Discussion of Significant Changes in Working Capital. In addition to the changes in cash and cash equivalents discussed above, there were other changes in working capital line items from December 31, 2013. A discussion of these items follows.
Refundable income taxes decreased $153,184 (46%) to $183,436 from $336,620 due to the first half 2014 current income tax provision of $1,623,195, offset by estimated tax payments of $1,470,011 for the same period.
Accounts payable increased $113,917 (31%) to $481,539 from $367,622. The increase was due entirely to the increased drilling activity at June 30, 2014 compared to December 31, 2013.
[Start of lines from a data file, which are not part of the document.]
Lemma induced_norming_space_subset (R : realType) (X : normedModType R)
  (d1 : Order.disp_t) (G1 : porderType d1) (P1 : G1 -> X -> X)
  (d2 : Order.disp_t) (G2 : porderType d2) (P2 : G2 -> X -> X) :
  projectional_skeleton P1 -> projectional_skeleton P2 ->
  total_set (induced_norming_space P1 `&` induced_norming_space P2) ->
  induced_norming_space P1 `<=` induced_norming_space P2.
Proof.
move=> HP1 HP2 D_total f D1f.
have [u1 u1P] := induced_stabilizer HP1.
have [u2 u2P] := induced_stabilizer HP2.
have [W [W_D W_sep]] := @separating_witnesses _ _
  (induced_norming_space P1 `&` induced_norming_space P2)
  (ex_intro _ 0 (conj (induced_norming_space0 HP1) (induced_norming_space0 HP2)))
  (fun g Dg => (induced_dual HP1 Dg.1).2).
have [S [T [fS PST]]] := exists_common_projection HP1 HP2 D_total u1P u2P W_D W_sep (u1 f).
exists T, f; split; first exact: (induced_dual HP1 D1f).
by apply/funext => x; rewrite /= -PST (u1P _ D1f).
Qed.

Theorem corollary4p11 (R : realType) (X : completeNormedModType R)
  (d1 : Order.disp_t) (G1 : porderType d1) (P1 : G1 -> X -> X)
  (d2 : Order.disp_t) (G2 : porderType d2) (P2 : G2 -> X -> X) :
  projectional_skeleton P1 -> projectional_skeleton P2 ->
  total_set (induced_norming_space P1 `&` induced_norming_space P2) ->
  induced_norming_space P1 = induced_norming_space P2.
Proof.
move=> HP1 HP2 total; apply/seteqP; split; first exact: induced_norming_space_subset.
by apply: induced_norming_space_subset => //; rewrite setIC.
Qed.
(* Let $n\ge 1$, $k\ge 1$, and let $s_1,\dots,s_k$ be nonnegative integers. There are $k$ players who independently each open one cereal box per time step; each box contains one of $n$ coupon types chosen uniformly at random, independently of everything else. Player $i$ is currently missing $s_i$ of the $n$ coupon types. Let $X_i(s_i)$ be the number of boxes player $i$ must open until they have all $n$ types, and let $$M(s_1,\dots,s_k):=\mathbb{E}\left[\max\{X_1(s_1),\dots,X_k(s_k)\}\right]$$ be the expected number of boxes required for the slowest player to complete the collection. Then, with $S:=\sum_{i=1}^k s_i$, $$M(s_1,\dots,s_k)=nH(S)-\frac{\left(H(S)-1\right)\sum_{i<j}s_is_j}{S(S-1)}+o(1).$$
   Context: $H(m)=\sum_{j=1}^m\frac1j$ denotes the $m$-th harmonic number. The term $o(1)$ denotes a quantity tending to $0$ as $n\to\infty$ with $k$ and $s_1,\dots,s_k$ fixed. *)

From HB Require Import structures.
From mathcomp Require Import all_boot all_order all_algebra.
From mathcomp Require Import all_classical all_reals all_analysis.
Set Implicit Arguments. Unset Strict Implicit. Unset Printing Implicit Defensive.
Import Order.TTheory GRing.Theory Num.Theory.
Local Open Scope ring_scope.

Definition harmonicH (R : realType) (m : nat) : R :=
  \sum_(1 <= j < m.+1) (j%:R)^-1.

(* Outcome of the first t boxes of all k players: F i u = coupon type found by
   player i in box number u (u < t).  Player i is missing the s i types
   {0, ..., s i - 1}.  The event "every player is complete after t boxes",
   i.e. max_i X_i(s_i) <= t. *)
Definition all_complete (n k : nat) (s : 'I_k -> nat) (t : nat)
    (F : {ffun 'I_k -> {ffun 'I_t -> 'I_n}}) : bool :=
  [forall i : 'I_k, forall j : 'I_n,
     (nat_of_ord j < s i)%N ==> [exists u : 'I_t, F i u == j]].

Definition prob_max_le (R : realType) (n k : nat) (s : 'I_k -> nat) (t : nat) : R :=
  #|[set F : {ffun 'I_k -> {ffun 'I_t -> 'I_n}} | all_complete s F]|%:R / #|{: {ffun 'I_k -> {ffun 'I_t -> 'I_n}}}|%:R.

(* M(s_1,...,s_k) = E[max_i X_i(s_i)] = sum_{t >= 0} P(max > t)
   (tail-sum formula for a nonnegative integer-valued random variable). *)
Definition expected_max (R : realType) (n k : nat) (s : 'I_k -> nat) : R :=
  limn (fun N : nat => \sum_(0 <= t < N) (1 - prob_max_le R n s t)).

Arguments harmonicH R m : clear implicits.
Arguments prob_max_le R n {k} s t.
Arguments expected_max R n {k} s.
Deferred income taxes and other liabilities increased $69,020 (20%) to $406,644 from $337,624 due to an increase of $60,000 in ad valorem tax accruals and an increase of $9,020 in current deferred income taxes. Ad valorem (property) taxes are primarily for Texas properties and are accrued for the first three quarters each year to be paid in the fourth quarter.
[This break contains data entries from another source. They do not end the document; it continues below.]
(* Let $d\ge0$ and $\alpha_{d+1}>0$. For the Gaussian broadcast model on $P=\mathcal{HS}_{d+1}$, local reconstruction is possible if and only if single-vertex reconstruction is possible.
   Context: Gaussian broadcast model: Let $d\ge 0$ and let $P$ be an infinite graded poset with layers $L_0,L_1,\dots$ ($L_t$ = elements of rank $t$, $L_0$ = minimal elements), in which every element covers at most $d+1$ elements. For $v\in P$ let $\mathfrak p(v)$ be the set of elements covered by $v$. Given $\alpha_1,\dots,\alpha_{d+1}>0$, let $X_0\sim\mathcal N(0,1)$ and, independently, let $W_{u\to v}$ be i.i.d. $\mathcal N(0,1)$ indexed by covering pairs $u\lessdot v$. Set $X_v=X_0$ for $v\in L_0$, and for $v$ of rank $\ge1$ set $X_v=\alpha_{|\mathfrak p(v)|}\sum_{u\in\mathfrak p(v)}(X_u+W_{u\to v})$. Infinite model: $\mathcal{HS}_{d+1}=\{(x_1,\dots,x_{d+1})\in\mathbb Z^{d+1}: x_1+\dots+x_{d+1}\ge0\}$ with $u\le v$ iff $v-u\in\mathbb Z_{\ge0}^{d+1}$; $L_t$ is the set of points with coordinate sum $t$; every element of rank $\ge1$ covers exactly $d+1$ elements. A window of width $N$ is a set $\big([x_1,x_1+N)\times\cdots\times[x_{d+1},x_{d+1}+N)\big)\cap P$ with $x_i\in\mathbb Z$. Local reconstruction is possible if there exist a finite $N$, windows $\mathcal W_t$ ($t\ge0$) of width $N$, and $c:P\to\mathbb R$ with $c|_{L_t}$ supported on $\mathcal W_t$, such that $\zeta_t:=\sum_{u\in L_t}c_uX_u$ satisfies $\operatorname{Var}(\zeta_t)>0$ for all $t$ and $\operatorname{corr}(\zeta_t,X_0)$ does not converge to $0$ as $t\to\infty$. Single-vertex reconstruction is possible if this can be done with $N=1$. *)

From HB Require Import structures.
From mathcomp Require Import all_boot all_order all_algebra.
From mathcomp Require Import all_classical all_reals all_analysis.
Set Implicit Arguments. Unset Strict Implicit. Unset Printing Implicit Defensive.
Import Order.TTheory GRing.Theory Num.Theory numFieldNormedType.Exports.
Local Open Scope ring_scope.
Local Open Scope classical_set_scope.

Definition pt (d : nat) := {ffun 'I_d.+1 -> int}.

Definition rank d (x : pt d) : int := \sum_(i < d.+1) x i.

Definition inHS d (x : pt d) : Prop := 0 <= rank x.

(* v - e_i : the elements covered by v (rank v >= 1) are exactly the v - e_i. *)
Definition down d (v : pt d) (i : 'I_d.+1) : pt d :=
  [ffun j => v j - (j == i)%:Z].

(* Sources of randomness of the Gaussian broadcast model:
   None        ~ X_0,
   Some (v,i)  ~ W_{(v - e_i) -> v}, the noise on the covering pair v-e_i <. v. *)
Definition src d := option (pt d * 'I_d.+1)%type.

(* A centred jointly Gaussian variable that is a (finite) linear combination of
   the independent standard normals X_0, W_e is represented by its coefficient
   vector f : src d -> R (Gaussian Hilbert space). *)
Definition cov {R : realType} d (f g : src d -> R) : R :=
  (\sum_(s \in [set: src d]) f s * g s)%R.
Definition var {R : realType} d (f : src d -> R) : R := cov f f.
Definition corr {R : realType} d (f g : src d -> R) : R :=
  cov f g / Num.sqrt (var f * var g).

Definition X0 {R : realType} d : src d -> R :=
  fun s => if s is None then 1 else 0.
Definition Wn {R : realType} d (v : pt d) (i : 'I_d.+1) : src d -> R :=
  fun s => if s == Some (v, i) then 1 else 0.

(* X_v for v of rank n, by recursion on the rank: X_v = X_0 on L_0 and
   X_v = alpha_{|p(v)|} * sum_{u in p(v)} (X_u + W_{u->v}); in HS_{d+1}
   |p(v)| = d+1 for every v of rank >= 1. *)
Fixpoint Xn {R : realType} d (alpha : nat -> R) (n : nat) (v : pt d)
  : src d -> R :=
  match n with
  | 0 => @X0 R d
  | n'.+1 => fun s => alpha d.+1 *
      \sum_(i < d.+1) (@Xn R d alpha n' (down v i) s + Wn v i s)
  end.

Definition Xv {R : realType} d (alpha : nat -> R) (v : pt d) : src d -> R :=
  Xn alpha `|rank v|%N v.

Definition inWindow d (N : nat) (x : pt d) (u : pt d) : Prop :=
  inHS u /\ forall i, x i <= u i < x i + N%:Z.

Definition layer d (t : nat) : set (pt d) := [set u | rank u = t%:Z].

Definition zeta {R : realType} d (alpha : nat -> R) (c : pt d -> R) (t : nat)
  : src d -> R :=
  fun s => (\sum_(u \in @layer d t) c u * Xv alpha u s)%R.

Definition reconstruct_width {R : realType} d (alpha : nat -> R) (N : nat) : Prop :=
  exists (W : nat -> pt d) (c : pt d -> R),
    (forall t u, @layer d t u -> ~ inWindow N (W t) u -> c u = 0) /\
    (forall t, 0 < var (zeta alpha c t)) /\
    ~ ((fun t => corr (zeta alpha c t) (@X0 R d)) @ \oo --> (0 : R)).

Definition local_reconstruction {R : realType} d (alpha : nat -> R) : Prop :=
  exists N : nat, @reconstruct_width R d alpha N.

Definition single_vertex_reconstruction {R : realType} d (alpha : nat -> R) : Prop :=
  @reconstruct_width R d alpha 1.

From Pilot Require Import Defs.
From HB Require Import structures.
From mathcomp Require Import all_boot all_order all_algebra.
From mathcomp Require Import all_classical all_reals all_analysis.
From mathcomp Require Import ring lra zify.
Import Order.TTheory GRing.Theory Num.Theory numFieldNormedType.Exports.
Set Implicit Arguments. Unset Strict Implicit. Unset Printing Implicit Defensive.
Local Open Scope ring_scope.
Discussion of Significant Changes in the Condensed Statements of Cash Flows. As noted in the first paragraph above, net cash provided by operating activities was $7,216,668 in 2014, an increase of $1,759,218 (32%) from the comparable period in 2013. The increase was primarily due to increased operating revenue, partially offset by increased exploration costs. For more information see “Operating Revenues” and “Exploration Costs” below.
Cash applied to the purchase of property additions in 2014 was $2,528,483, a decrease of $1,021,733 (29%) from cash applied in 2013 of $3,550,216. In both 2014 and 2013, cash applied to property additions was mostly related to oil and gas exploration and development activity. See the subheading “Exploration Costs” in the “Results of Operations” section below for additional information.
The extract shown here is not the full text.